Judgement, Decisions & Reasoning - Chapter 13 Flashcards
Judgement
Making a decision or drawing a conclusion.
Reasoning
The process of drawing conclusions.
Decision
The process of choosing between alternatives.
Inductive Reasoning
Starts specific to make broad generalizations.
Using what has happened to predict what will happen.
Representativeness of Observations
How well do observations about a category represent all members of category?
Heuristics
Shortcuts; likely to provide the correct answer to a problem but are not foolproof.
Availability Heuristic
Events that more easily come to mind are judged as being more probable than events that are less easily recalled.
Illusory Correlations
When a relationship between two events appears to exist, but in reality, there is no relationship or relationship is much weaker than it is assumed to be.
Stereotypes
Oversimplified generalization about a group or class of people that often focus on the negative.
Representativeness Heuristic
Likelihood that an instance is a member of a larger category depends on how well that instance resembles properties we typically associate with that category.
Conjunction Rule
The probability of a conjunction of two events cannot be higher than the probablity of the single constituents.
Law of Large Numbers
The larger the number of individuals that are randomly drawn from a population, the more representative the resulting group will be of the entire population.
Myside Bias
How people can evaluate evidence in a way that is biased toward their own opinions and attitudes.
Confirmation Bias
Occurs when people look for information that conforms to their hypothesis and ignore information that refutes it.
Backfire Effect
The finding that an individual’s support for a particular viewpoint could actually become stronger when faced with corrective facts opposing their viewpoint.
Deductive Reasoning
Determine whether a conclusion logically follows from statements; Use broad principles to make logical predictions about specific cases.
Syllogism
Deductive Reasoning; 2 broad statements followed by a third statement called conclusion.
a = b, b = c, a = c.
Premises
Two broad statements in syllogism.
Categorical Syllogisms
Premises and conclusion are statements that begin with All, No, or Some.
Validity
Syllogism is valid when the form of the syllogism indicates that its conclusion follows logically from its two premisis.
Belief Bias
The tendency to think a syllogism is valid if its conclusion is believale.
Mental Mode Approach
In deductive reasoning, determining if syllogisms are valid by creating mental models of situations based on the premises of the syllogism.
Mental Model
A specific situation represented in a person’s mind that can be used to help determine the validity of syllogisms in deductive reasoning.
Conditional Syllogisms
Have two premises and a conclusion, but first premise has the form “If…then.” Common in everyday life.
Wason Four-Card Problem
Conditional reasoning task; 4 cards; used to study mechanisms that determine outcomes of conditional reasoning tasks.
Falsification Principle
To test a rule, it is necessary to look for situations that would falsify the rule.
Permission Schema
If a person satisfies a specific condition, then they get to carry out an action.
Expected Utility Theory
Assumption that people are basically rational; if people have rational information, will make a decisuion that results in maximum expected utility.
Utility
Outcomes that achieve a person’s goals.
Expected Decisions
Emotions that people predict they will feel for a particular outcome.
Risk Aversion
The tendency to avoid taking risks; increases with tendency to predict a particular loss will have a greater impact than a win of the same size.
Incidental Emotions
Emotions that are not caused by having to make a decision.
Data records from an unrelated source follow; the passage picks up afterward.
(* [gs_index L s k = Some p] when coordinate [k] of [gs L s a] is [a p], and
   [None] when it is [true]. *)
Fixpoint gs_index (L : nat) (s : seq nat) (k : nat) : option nat :=
  if s is n :: s' then if k == Q n then None else gs_index L s' (theta_n L n k)
  else Some k.

Lemma gs_indexP L s a b : gs L s a = Some b ->
  forall k, b k = if gs_index L s k is Some p then a p else true.
Proof.
elim: s b => [|n s IH] b /=; first by case=> <-.
case E: (gs L s a) => [b'|] //; case: (domg n b') => // -[<-] k.
by rewrite /g; case: eqP => // _; apply: IH.
Qed.

Lemma gs_index_rcons L s z k : gs_index L (rcons s z) k =
  if gs_index L s k is Some p then
    (if p == Q z then None else Some (theta_n L z p))
  else None.
Proof. by elim: s k => [|n s IH] k //=; case: eqP. Qed.

Lemma sminus_rcons s z : sminus (rcons s z) = s.
Proof. by rewrite /sminus size_rcons -cats1 take_size_cat. Qed.

Lemma gs_index_id L d s r : (forall m, m \in s -> d %| Q m) -> ~~ pos_mult d r ->
  gs_index L s r = Some r.
Proof.
elim: s => //= n s IH ds dr; have dn : d %| Q n by apply: ds; rewrite mem_head.
rewrite ifF; last by apply/eqP => rQ; move: dr; rewrite rQ /pos_mult Q_gt0 dn.
rewrite theta_n_id; last by apply: contra dr; apply: pos_mult_dvdn.
by apply: IH => // m ms; apply: ds; rewrite inE ms orbT.
Qed.

Section Avoid.
Variables L z : nat.
Hypothesis L2 : 2 <= L.
Let L1 : L != 1. Proof. by rewrite neq_ltn L2 orbT. Qed.

Lemma gs_index_fixed n s r p : all (ltn n) s -> q n < q z ->
  ~~ pos_mult (Q n) r -> gs_index L (n :: s) r = Some p -> ~~ pos_mult (Q z) p.
Proof.
move=> ns nz rn; rewrite (@gs_index_id _ (Q n)) // => [[<-]|m].
  by apply: contra rn; apply: pos_mult_dvdn; apply: dvdn_exp2l; lia.
rewrite inE => /predU1P [->|ms] //; apply/dvdn_Q/ltnW.
by move/allP: ns => /(_ m ms).
Qed.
Related to a person’s general disposition, something that happened in day, general environment.
Opt-In Procedure
Active step to choose a course of action.
Opt-Out Procedure
Must take an active step to avoid a course of action.
Status Quo Basis
The tendency to do nothing when faced with making a decision.
Risk Aversion Strategy
Decision-making strategy that is governed by the idea of avoiding risk. Often when problem stated in terms of gains.
Risk-Taking Strategy
Decision-making strategy that is governed by the idea of taking risks; often when stated in terms of losses.
Framing Effect
Decisions are influenced by how the choices are stated or framed; gains = risk aversion; loss = risk-taking strategy.
Neuroeconomics
Research from fields of psychology, neuroscience, and economics to study how brain activation is related to decisions that involve potential gains or losses.
Ultimatum Game
2 players, one is proposer one is responder; proposer gets sum of $ with an offer for splitting, if accepted they split, if rejected no one gets $.
Dual Systems Approach
The idea that there are two mental systems; a fast, automatic, intuitive system, and a slower, more deliberate, thoughtful system (2).
What does the strength of an inductive argument depend on?
Representativeness, number and quality of observations on argument.
Base Rate Information
The relative proportion of different classes in the population; farmer vs librarian
How are truth and validity of syllogism different?
Truth - determined by the content of statements in syllogism and has to do with how statements correspond to known facts.
Anterior Insula
Associated with emotions that occur during ultimatum game.
PFC
Involved in cognitive demands of the task.